The lightning collapse is rooted in misplaced assumptions — including a failure to account for how the U.S. departure would catalyze a crisis of confidence in Afghan leaders and security forcers, enabling the Taliban blitz — from the moment Biden announced the withdrawal this spring.
It is equally the product of two decades of miscalculations about transforming Afghanistan and overly optimistic assessments of progress that have plagued the war from its start.

And not to account for the $83 billion spent by America over 20 years. Today another higher human price embedded in massacre:

And a tragic domino, too — via The New York Times this afternoon:

The last major city in northern Afghanistan fell to the Taliban on Saturday night, marking the complete loss of the country’s north to the Taliban as the insurgents appear on the verge of a full military takeover.
The collapse of Mazar-i-Sharif, the capital of Balkh Province and one of the last three major cities that had remained under government control, comes just a day after two key cities in southern and western Afghanistan were lost to the Taliban.
The Taliban seized the last northern holdout city barely an hour after breaking through the front lines at the city’s edge. Soon after, government security forces and militias fled — including those led by the infamous warlords Marshal Abdul Rashid Dostum and Atta Muhammad Noor — effectively handing control to the insurgents.

“Government forces and popular uprisings all left the city,” said Hashim Ahmadzai, a pro-government militia commander.
“The Taliban seized government and military buildings. There was no resistance.”

The insurgents now effectively control the southern, western and northern regions of the country — just about encircling country’s capital, Kabul, as they press on in their rapid military offensive.
The Taliban blitz began in May, but the insurgents have managed to seize more than half of Afghanistan’s provincial capitals in just over a week.
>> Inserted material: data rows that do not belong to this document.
Theorem proposition6p9 (R : realType) (d : measure_display) (S : measurableType d)
  (dO : measure_display) (Omega : measurableType dO) (P : probability Omega R)
  (pi : Omega -> set S) :
  measurable [set p : S * S | p.1 = p.2] ->
  cr_set pi -> constructive pi -> independent_increments P pi ->
  exists mu : nat -> {finite_measure set S -> \bar R},
    forall A : set S, measurable A ->
      neglog1m (hitting P pi A) = \sum_(0 <= n <oo) mu n A.
Proof.
move=> diag pi_cr [pik [pik_fin pi_eq]] pi_ind.
have dom : hitting_measure pi_cr pi_ind `<< control_measure P diag pik_fin.
  exact: hitting_measure_null_dominated.
have [mu muE] := null_dominated_finite_sfinite dom.
by exists mu => A /muE.
Qed.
The loss of the north — once the heart of resistance to the insurgents’ rise to power in 1996 — to the Taliban offered a devastating blow to morale for a country gripped with panic.
In the late 1990s, Mazar-i-Sharif was the site of pitched battles between the Taliban and northern militia groups that managed to push back the hard-line insurgents before the group took over the city in 1998.
The victory followed infighting and defections among the militias and culminated with the Taliban’s ethnically charged massacre of hundreds of militia fighters who had surrendered.
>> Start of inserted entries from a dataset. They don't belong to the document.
(* Let $\Sigma$ be a subset of $\mathbb{R}^n$ that spans $\mathbb{R}^n$. Let $\|\cdot\|$ be a norm on $\mathbb{R}^n$ such that $\|f\|_\infty\le\|f\|^*$ for every $f\in\mathbb{R}^n$. Suppose there is a function $c$ such that for every $\epsilon>0$ and every $f$ with $\|f\|_\infty\le1$ and $\|f\|\ge\epsilon$ there exists $\sigma\in\Sigma$ with $|\langle f,\sigma\rangle|\ge c(\epsilon)>0$. Let $\theta>0$ and let $\eta:\mathbb{R}_+\to\mathbb{R}_+$ be decreasing. Then there exists a constant $C_0$, depending on $\eta$ and $\theta$ only, such that every $f\in\mathbb{R}^n$ with $\|f\|_2\le1$ has a decomposition $f=\sum_{i=1}^k\lambda_i\sigma_i+f_2+f_3$ in which each $\sigma_i\in\Sigma$ and there is a constant $C\le C_0$ with $\sum_{i=1}^k|\lambda_i|\le C$, $\|f_2\|\le\eta(C)$ and $\|f_3\|_1\le\theta$.
   Context: Functions in $\mathbb{R}^n$ are functions on $\{1,\dots,n\}$ with $\langle f,g\rangle=\frac1n\sum_xf(x)g(x)$, $\|f\|_p=(\frac1n\sum_x|f(x)|^p)^{1/p}$, $\|f\|_\infty=\max_x|f(x)|$. The dual norm is $\|\phi\|^*=\max\{\langle f,\phi\rangle:\|f\|\le1\}$. *)

From HB Require Import structures.
From mathcomp Require Import all_boot all_order all_algebra.
From mathcomp Require Import all_classical all_reals.
Set Implicit Arguments. Unset Strict Implicit. Unset Printing Implicit Defensive.
Import Order.TTheory GRing.Theory Num.Theory.
Local Open Scope ring_scope.
Local Open Scope classical_set_scope.

(* Functions on {1,...,n} are row vectors 'rV[R]_n; f ord0 i is the value at i. *)

Definition ip (R : realType) (n : nat) (f g : 'rV[R]_n) : R :=
  n%:R^-1 * \sum_(i < n) f ord0 i * g ord0 i.

Definition norm1 (R : realType) (n : nat) (f : 'rV[R]_n) : R :=
  n%:R^-1 * \sum_(i < n) `|f ord0 i|.

Definition norm2 (R : realType) (n : nat) (f : 'rV[R]_n) : R :=
  Num.sqrt (n%:R^-1 * \sum_(i < n) f ord0 i ^+ 2).

Definition norminf (R : realType) (n : nat) (f : 'rV[R]_n) : R :=
  \big[Num.max/0]_(i < n) `|f ord0 i|.

Definition is_norm (R : realType) (n : nat) (N : 'rV[R]_n -> R) : Prop :=
  (forall f, 0 <= N f) /\
  (forall f, N f = 0 -> f = 0) /\
  (forall (a : R) f, N (a *: f) = `|a| * N f) /\
  (forall f g, N (f + g) <= N f + N g).

Definition dual_norm (R : realType) (n : nat) (N : 'rV[R]_n -> R)
  (phi : 'rV[R]_n) : R :=
  sup [set ip f phi | f in [set f : 'rV[R]_n | N f <= 1]].

Definition spans (R : realType) (n : nat) (Sigma : set 'rV[R]_n) : Prop :=
  forall f : 'rV[R]_n, exists (k : nat) (lam : 'I_k -> R) (s : 'I_k -> 'rV[R]_n),
    (forall i, Sigma (s i)) /\ f = \sum_(i < k) lam i *: s i.

From HB Require Import structures.
From mathcomp Require Import all_boot all_order all_algebra.
From mathcomp Require Import all_classical all_reals.
From mathcomp Require Import ring lra.
Set Implicit Arguments. Unset Strict Implicit. Unset Printing Implicit Defensive.
Import Order.TTheory GRing.Theory Num.Theory.
Local Open Scope ring_scope.
Local Open Scope classical_set_scope.

(* For C > 0 let p_C(g) be the infimum, over all decompositions
   g = sum_i lambda_i sigma_i + f2 + f3 with sigma_i in Sigma, of
   sum_i |lambda_i| / C + ||f2|| / eta(C) + ||f3||_1 / theta.
   p_C is sublinear, and p_C(f) < 1 already gives the decomposition with constant C.
   Take thresholds C_0 < C_1 < ... depending only on c, theta and eta, and
   k > 2 / theta^2.  If p_(C_j)(f) >= 1 for every j < k, Hahn-Banach (here in
   finite dimension, via one-sided directional derivatives) gives functionals
   a_j <= p_(C_j) with a_j(f) >= 1.  Domination bounds the entries of a_j by
   1 / (n theta), its values on Sigma by 1 / C_j and its dual norm by 1 / eta(C_j);
   with the hypothesis on c and the growth of C_j this makes ||a_j|| small, so
   the a_j are almost orthogonal.  An almost orthogonal family of more than
   2 / theta^2 functionals cannot all correlate with f when ||f||_2 <= 1. *)

Section Sublinear.
Variables (R : realType) (V : lmodType R).

Record sublinear (q : V -> R) : Prop := Sublinear {
  sublinZ : forall a v, 0 < a -> q (a *: v) = a * q v;
  sublinD : forall u v, q (u + v) <= q u + q v }.

(* For sublinear [q] this says that [q] is linear on the line spanned by [u]. *)
Definition linear_along (q : V -> R) u := q (- u) = - q u.

Variable q : V -> R.
Hypothesis q_sublin : sublinear q.

Lemma sublin0 : q 0 = 0.
Proof. by have := sublinZ q_sublin 0 (ltr0Sn R 1); rewrite scaler0; lra. Qed.

Lemma sublinZ_ge0 a v : 0 <= a -> q (a *: v) = a * q v.
Proof.
rewrite le_eqVlt => /orP[/eqP<-|]; last exact: sublinZ.
by rewrite scale0r mul0r sublin0.
Qed.

Lemma sublin_sum (I : Type) (r : seq I) (F : I -> V) :
  q (\sum_(i <- r) F i) <= \sum_(i <- r) q (F i).
Proof.
elim/big_ind2: _ => [|x1 x2 y1 y2 h1 h2|//]; first by rewrite sublin0.
by apply: le_trans (sublinD q_sublin _ _) _; apply: lerD.
Qed.

Lemma linear_alongZ u t : linear_along q u -> q (t *: u) = t * q u.
Proof.
move=> qu; case: (ltrgt0P t) => [t0|t0|->]; first exact: sublinZ.
  rewrite -[t]opprK scaleNr -scalerN sublinZ ?oppr_gt0 // qu; ring.
by rewrite scale0r mul0r sublin0.
Qed.

End Sublinear.

Section DirectionalDerivative.
Variables (R : realType) (V : lmodType R) (q : V -> R).
Hypothesis q_sublin : sublinear q.

Definition diff_quot x v t := (q (x + t *: v) - q x) / t.

Let diff_quots x v := [set diff_quot x v t | t in [set t : R | 0 < t]].

(* The difference quotients increase with [t] and are bounded below, so their
   infimum is the one-sided directional derivative. *)
Definition dir_deriv x v := inf (diff_quots x v).

Lemma diff_quot_ge x v t : 0 < t -> - q (- v) <= diff_quot x v t.
Proof.
move=> t_gt0; rewrite /diff_quot ler_pdivlMr //.
have := sublinD q_sublin (x + t *: v) (t *: - v).
by rewrite sublinZ // scalerN addrK; lra.
Qed.

Lemma diff_quot_homo x v s t : 0 < s -> s <= t -> diff_quot x v s <= diff_quot x v t.
Proof.
move=> s_gt0 st; have t_gt0 : 0 < t by apply: lt_le_trans st.
set u := s / t.
have u_gt0 : 0 < u by rewrite divr_gt0.
have u_ge0 := ltW u_gt0.
have u_le1 : u <= 1 by rewrite ler_pdivrMr // mul1r.
have ut : u * t = s by rewrite mulfVK ?gt_eqF.
have convex : x + s *: v = (1 - u) *: x + u *: (x + t *: v).
  by rewrite scalerDr scalerA ut scalerBl scale1r addrA subrK.
have := sublinD q_sublin ((1 - u) *: x) (u *: (x + t *: v)).
rewrite -convex !(sublinZ_ge0 q_sublin) ?subr_ge0 // => hconv.
have : q (x + s *: v) - q x <= u * (q (x + t *: v) - q x) by lra.
rewrite /diff_quot -ut invfM mulrA ler_pM2r ?invr_gt0 // ler_pdivrMr //.
by rewrite ut mulrC.
Qed.

Lemma diff_quots_neq0 x v : diff_quots x v !=set0.
Proof. by exists (diff_quot x v 1), 1 => //=; apply: ltr01. Qed.

Lemma dir_deriv_le x v t : 0 < t -> dir_deriv x v <= diff_quot x v t.
Proof.
move=> t_gt0; apply: ge_inf; last by exists t.
by exists (- q (- v)) => _ [s s_gt0 <-]; apply: diff_quot_ge.
Qed.

Lemma dir_deriv_ge x v b :
  (forall t, 0 < t -> b <= diff_quot x v t) -> b <= dir_deriv x v.
Proof. by move=> h; apply: lb_le_inf (diff_quots_neq0 x v) _ => _ [s s_gt0 <-]; apply: h. Qed.

Lemma dir_deriv_ge_opp x v : - q (- v) <= dir_deriv x v.
Proof. by apply: dir_deriv_ge => t; apply: diff_quot_ge. Qed.

Lemma dir_deriv_le_sublin x v : dir_deriv x v <= q v.
Proof.
apply: le_trans (dir_deriv_le x v ltr01) _.
by rewrite /diff_quot divr1 scale1r; have := sublinD q_sublin x v; lra.
Qed.

Lemma dir_derivZ_le x v a : 0 < a -> dir_deriv x (a *: v) <= a * dir_deriv x v.
Proof.
move=> a_gt0; rewrite -ler_pdivrMl //; apply: dir_deriv_ge => t t_gt0.
rewrite ler_pdivrMl //.
have -> : a * diff_quot x v t = diff_quot x (a *: v) (t / a).
  by rewrite /diff_quot scalerA mulfVK ?gt_eqF // invf_div mulrCA.
by apply: dir_deriv_le; apply: divr_gt0.
Qed.

Lemma diff_quotD_le x u v r : 0 < r ->
  diff_quot x (u + v) r <= diff_quot x u (2 * r) + diff_quot x v (2 * r).
Proof.
move=> r_gt0; rewrite /diff_quot.
have half_gt0 : (0 : R) < 2^-1 by rewrite invr_gt0 ltr0Sn.
have midpoint : x + r *: (u + v) =
    2^-1 *: (x + (2 * r) *: u) + 2^-1 *: (x + (2 * r) *: v).
  have halves : (2^-1 + 2^-1 : R) = 1 by lra.
  by rewrite !scalerDr !scalerA mulrA mulVf ?pnatr_eq0 // mul1r addrACA -scalerDl halves scale1r.
have := sublinD q_sublin (2^-1 *: (x + (2 * r) *: u)) (2^-1 *: (x + (2 * r) *: v)).
rewrite -midpoint !sublinZ // => hmid.
rewrite -mulrDl invfM mulrA ler_pM2r ?invr_gt0 //.
rewrite ler_pdivlMr ?ltr0Sn //; lra.
Qed.

Lemma dir_deriv_sublinear x : sublinear (dir_deriv x).
Proof.
split=> [a v a_gt0|u v].
  apply/eqP; rewrite eq_le dir_derivZ_le //=.
  have := @dir_derivZ_le x (a *: v) a^-1; rewrite scalerA mulVf ?gt_eqF // scale1r.
  by rewrite invr_gt0 => /(_ a_gt0); rewrite -(ler_pM2l a_gt0) mulrA divff ?gt_eqF // mul1r.
suff h s t : 0 < s -> 0 < t -> dir_deriv x (u + v) <= diff_quot x u s + diff_quot x v t.
  have h1 t : 0 < t -> dir_deriv x (u + v) - diff_quot x v t <= dir_deriv x u.
    by move=> t_gt0; apply: dir_deriv_ge => s s_gt0; have := h s t s_gt0 t_gt0; lra.
  have : dir_deriv x (u + v) - dir_deriv x u <= dir_deriv x v.
    by apply: dir_deriv_ge => t t_gt0; have := h1 t t_gt0; lra.
  lra.
move=> s_gt0 t_gt0; set r := Num.min s t / 2.
have r_gt0 : 0 < r by rewrite divr_gt0 // lt_min s_gt0.
have r2_gt0 : 0 < 2 * r by rewrite mulr_gt0.
have [rs rt] : 2 * r <= s /\ 2 * r <= t.
  by rewrite /r mulrC mulfVK ?pnatr_eq0 // !ge_min !lexx ?orbT.
apply: le_trans (dir_deriv_le _ _ r_gt0) _; apply: le_trans (diff_quotD_le _ _ _ r_gt0) _.
by apply: lerD; apply: diff_quot_homo.
Qed.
Horror-hellscape ahead. A portion of the Human Rights Watch summary (November 1998) on the massacre at Mazar-i-Sharif:

In the days that followed, Taliban forces carried out a systematic search for male members of the ethnic Hazara, Tajik, and Uzbek communities in the city. The Hazaras, a Persian-speaking Shi’a ethnic group, were particularly targeted, in part because of their religious identity.
During the house-to-house searches, scores and perhaps hundreds of Hazara men and boys were summarily executed, apparently to ensure that they would be unable to mount any resistance to the Taliban.
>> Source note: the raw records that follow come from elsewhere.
(* Let $d>1$ and $f\ge0$ be integers, let $n=2d+f$, and let $\beta\in\mathcal S_n$ have cycle structure $d^2\cdot1^f$ (two $d$-cycles and $f$ fixed points). Then $(\varepsilon,\beta,\beta;(12))\in\mathrm{Par}(n)$ if and only if either <ul> <li>(i) $d$ is even and $f=0$, or</li> <li>(ii) $d$ is odd and $f\le d+1$.</li> </ul>
   Context: A Latin square of order $n$ is an $n\times n$ array with rows, columns and symbols indexed by $[n]$, each symbol occurring once in each row and each column, with triple set $O(L)$. Permutations act on the right; $\varepsilon$ is the identity. A paratopism $(\alpha,\beta,\gamma;(12))$ maps $L$ to $L^\sigma$ with triple set $\{(y\beta,x\alpha,z\gamma):(x,y,z)\in O(L)\}$; it is an autoparatopism of $L$ if $L^\sigma=L$. $\mathrm{Par}(n)$ is the set of paratopisms that are autoparatopisms of at least one Latin square of order $n$. *)

From mathcomp Require Import all_boot all_fingroup.
Set Implicit Arguments. Unset Strict Implicit. Unset Printing Implicit Defensive.

Definition latin_square (n : nat) (L : 'I_n -> 'I_n -> 'I_n) : Prop :=
  (forall x, bijective (L x)) /\ (forall y, bijective (fun x => L x y)).

Definition triples (n : nat) (L : 'I_n -> 'I_n -> 'I_n) : {set 'I_n * 'I_n * 'I_n} :=
  [set (x, y, L x y) | x : 'I_n, y : 'I_n].

(* Image of L under the paratopism (alpha, beta, gamma; (12)), given by its triple
   set { (y beta, x alpha, z gamma) : (x,y,z) in O(L) }.  Permutations act on the
   right, so "y beta" is the image of y under beta. *)
Definition para12_triples (n : nat) (a b c : 'S_n) (L : 'I_n -> 'I_n -> 'I_n)
  : {set 'I_n * 'I_n * 'I_n} :=
  [set (b t.1.2, a t.1.1, c t.2) | t in triples L].

Definition autoparatopism12 (n : nat) (a b c : 'S_n) (L : 'I_n -> 'I_n -> 'I_n) : Prop :=
  para12_triples a b c L = triples L.

Definition in_Par12 (n : nat) (a b c : 'S_n) : Prop :=
  exists L : 'I_n -> 'I_n -> 'I_n, latin_square L /\ autoparatopism12 a b c L.

Definition ncycles (n : nat) (s : 'S_n) (k : nat) : nat :=
  #|[set X in porbits s | #|X| == k]|.

Definition cycle_structure_d2_1f (n : nat) (s : 'S_n) (d f : nat) : Prop :=
  ncycles s d = 2 /\ ncycles s 1 = f /\
  (forall k, k != d -> k != 1%N -> ncycles s k = 0).

From mathcomp Require Import all_boot all_fingroup all_algebra.
From mathcomp Require Import ring zify.
Set Implicit Arguments. Unset Strict Implicit. Unset Printing Implicit Defensive.
Import GRing.Theory.
Lemma AM_sub_GM_compl_lt n x : (1 <= n)%nat ->
  (forall i, (i < n)%nat -> 0 < x i <= 1/2) -> ~ constant_on n x ->
  AM n (compl x) - GM n (compl x) < AM n x - GM n x.
Proof.
  intros Hn Hx Hnc.
  set (k := fun i => 1/2 - x i).
  assert (Hk : forall i, (i < n)%nat -> 0 <= k i) by (intros i Hi; specialize (Hx i Hi); unfold k; lra).
  assert (Hplus : forall s i, 0 <= s -> (i < n)%nat -> 0 < 1/2 + s * k i).
  { intros s i Hs Hi. specialize (Hk i Hi). nra. }
  assert (Hminus : forall s i, s <= 1 -> (i < n)%nat -> 0 < 1/2 + s * - k i).
  { intros s i Hs Hi. specialize (Hk i Hi). specialize (Hx i Hi). unfold k in *. nra. }
  set (E := fun (b : nat -> R) s => exp (AM n (fun i => ln (1/2 + s * b i)))).
  set (dE := fun (b : nat -> R) s => E b s * AM n (fun i => b i / (1/2 + s * b i))).
  set (D := fun s => E k s - E (fun i => - k i) s - 2 * s * AM n k).
  set (dD := fun s => dE k s - dE (fun i => - k i) s - 2 * AM n k).
  assert (HD0 : D 0 = 0).
  { unfold D, E. rewrite (AM_ext n _ (fun i => ln (1/2 + 0 * - k i))) by (intros; f_equal; ring).
    ring. }
  assert (HD1 : D 1 = (AM n x - GM n x) - (AM n (compl x) - GM n (compl x))).
  { unfold D, E.
    rewrite (GM_exp_AM_ln n x), (GM_exp_AM_ln n (compl x))
      by (intros i Hi; specialize (Hx i Hi); unfold compl; lra).
    rewrite (AM_ext n (fun i => ln (1/2 + 1 * k i)) (fun i => ln (compl x i)))
      by (intros; unfold compl, k; cbv beta; f_equal; field).
    rewrite (AM_ext n (fun i => ln (1/2 + 1 * - k i)) (fun i => ln (x i)))
      by (intros; unfold k; cbv beta; f_equal; ring).
    unfold compl, k. rewrite (AM_ext n (fun i => 1/2 - x i) (fun i => 1/2 + -1 * x i)),
      (AM_ext n (fun i => 1 - x i) (fun i => 1 + -1 * x i)), !AM_affine by (auto || intros; ring).
    field. }
  enough (D 0 < D 1) by lra.
  apply (lt_of_is_derive_pos D dD); [lra | |].
  - intros c Hc. unfold D, dD.
    apply (is_derive_minus (fun s => E k s - E (fun i => - k i) s) (fun s => 2 * s * AM n k));
      [apply (is_derive_minus (E k) (E (fun i => - k i)))|].
    + apply (is_derive_exp_AM_ln n (fun _ => 1/2) k). intros; apply Hplus; lra || auto.
    + apply (is_derive_exp_AM_ln n (fun _ => 1/2) (fun i => - k i)). intros; apply Hminus; lra || auto.
    + auto_derive; [exact I | ring].
  - intros c Hc. unfold dD, dE, E.
    rewrite <- !GM_exp_AM_ln by (intros; apply Hplus || apply Hminus; lra || auto).
    rewrite (GM_ext n (fun i => 1/2 + c * - k i) (fun i => 1/2 - c * k i)) by (intros; ring).
    rewrite (AM_ext n (fun i => - k i / (1/2 + c * - k i)) (fun i => -1 * (k i / (1/2 - c * k i))))
      by (intros; replace (1/2 + c * - k i) with (1/2 - c * k i) by ring; unfold Rdiv; ring).
    rewrite AM_scal by auto.
    enough (2 * AM n k < GM n (fun i => 1/2 + c * k i) * AM n (fun i => k i / (1/2 + c * k i))
            + GM n (fun i => 1/2 - c * k i) * AM n (fun i => k i / (1/2 - c * k i))) by lra.
    apply twice_AM_lt_GM_symmetric; auto; [lra | |].
    + intros i Hi. specialize (Hminus c i ltac:(lra) Hi). lra.
    + intros Hck. apply Hnc. intros i j Hi Hj. specialize (Hck i j Hi Hj). unfold k in Hck. lra.
Qed.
Not much has changed with the Taliban in the past 23 years (CBS News): ‘The U.S. Embassy in Kabul said Wednesday that it was hearing reports of the Taliban executing some surrendering Afghan troops, as the extremist group captured its 10th provincial capital in a week … The U.S. Embassy said the reported executions of surrendering Afghan troops were “deeply disturbing” and “could constitute war crimes.”

All downhill from here.

(Illustration out front: Salvador Dalí’s 1958 painting, “Meditative Rose,” found here).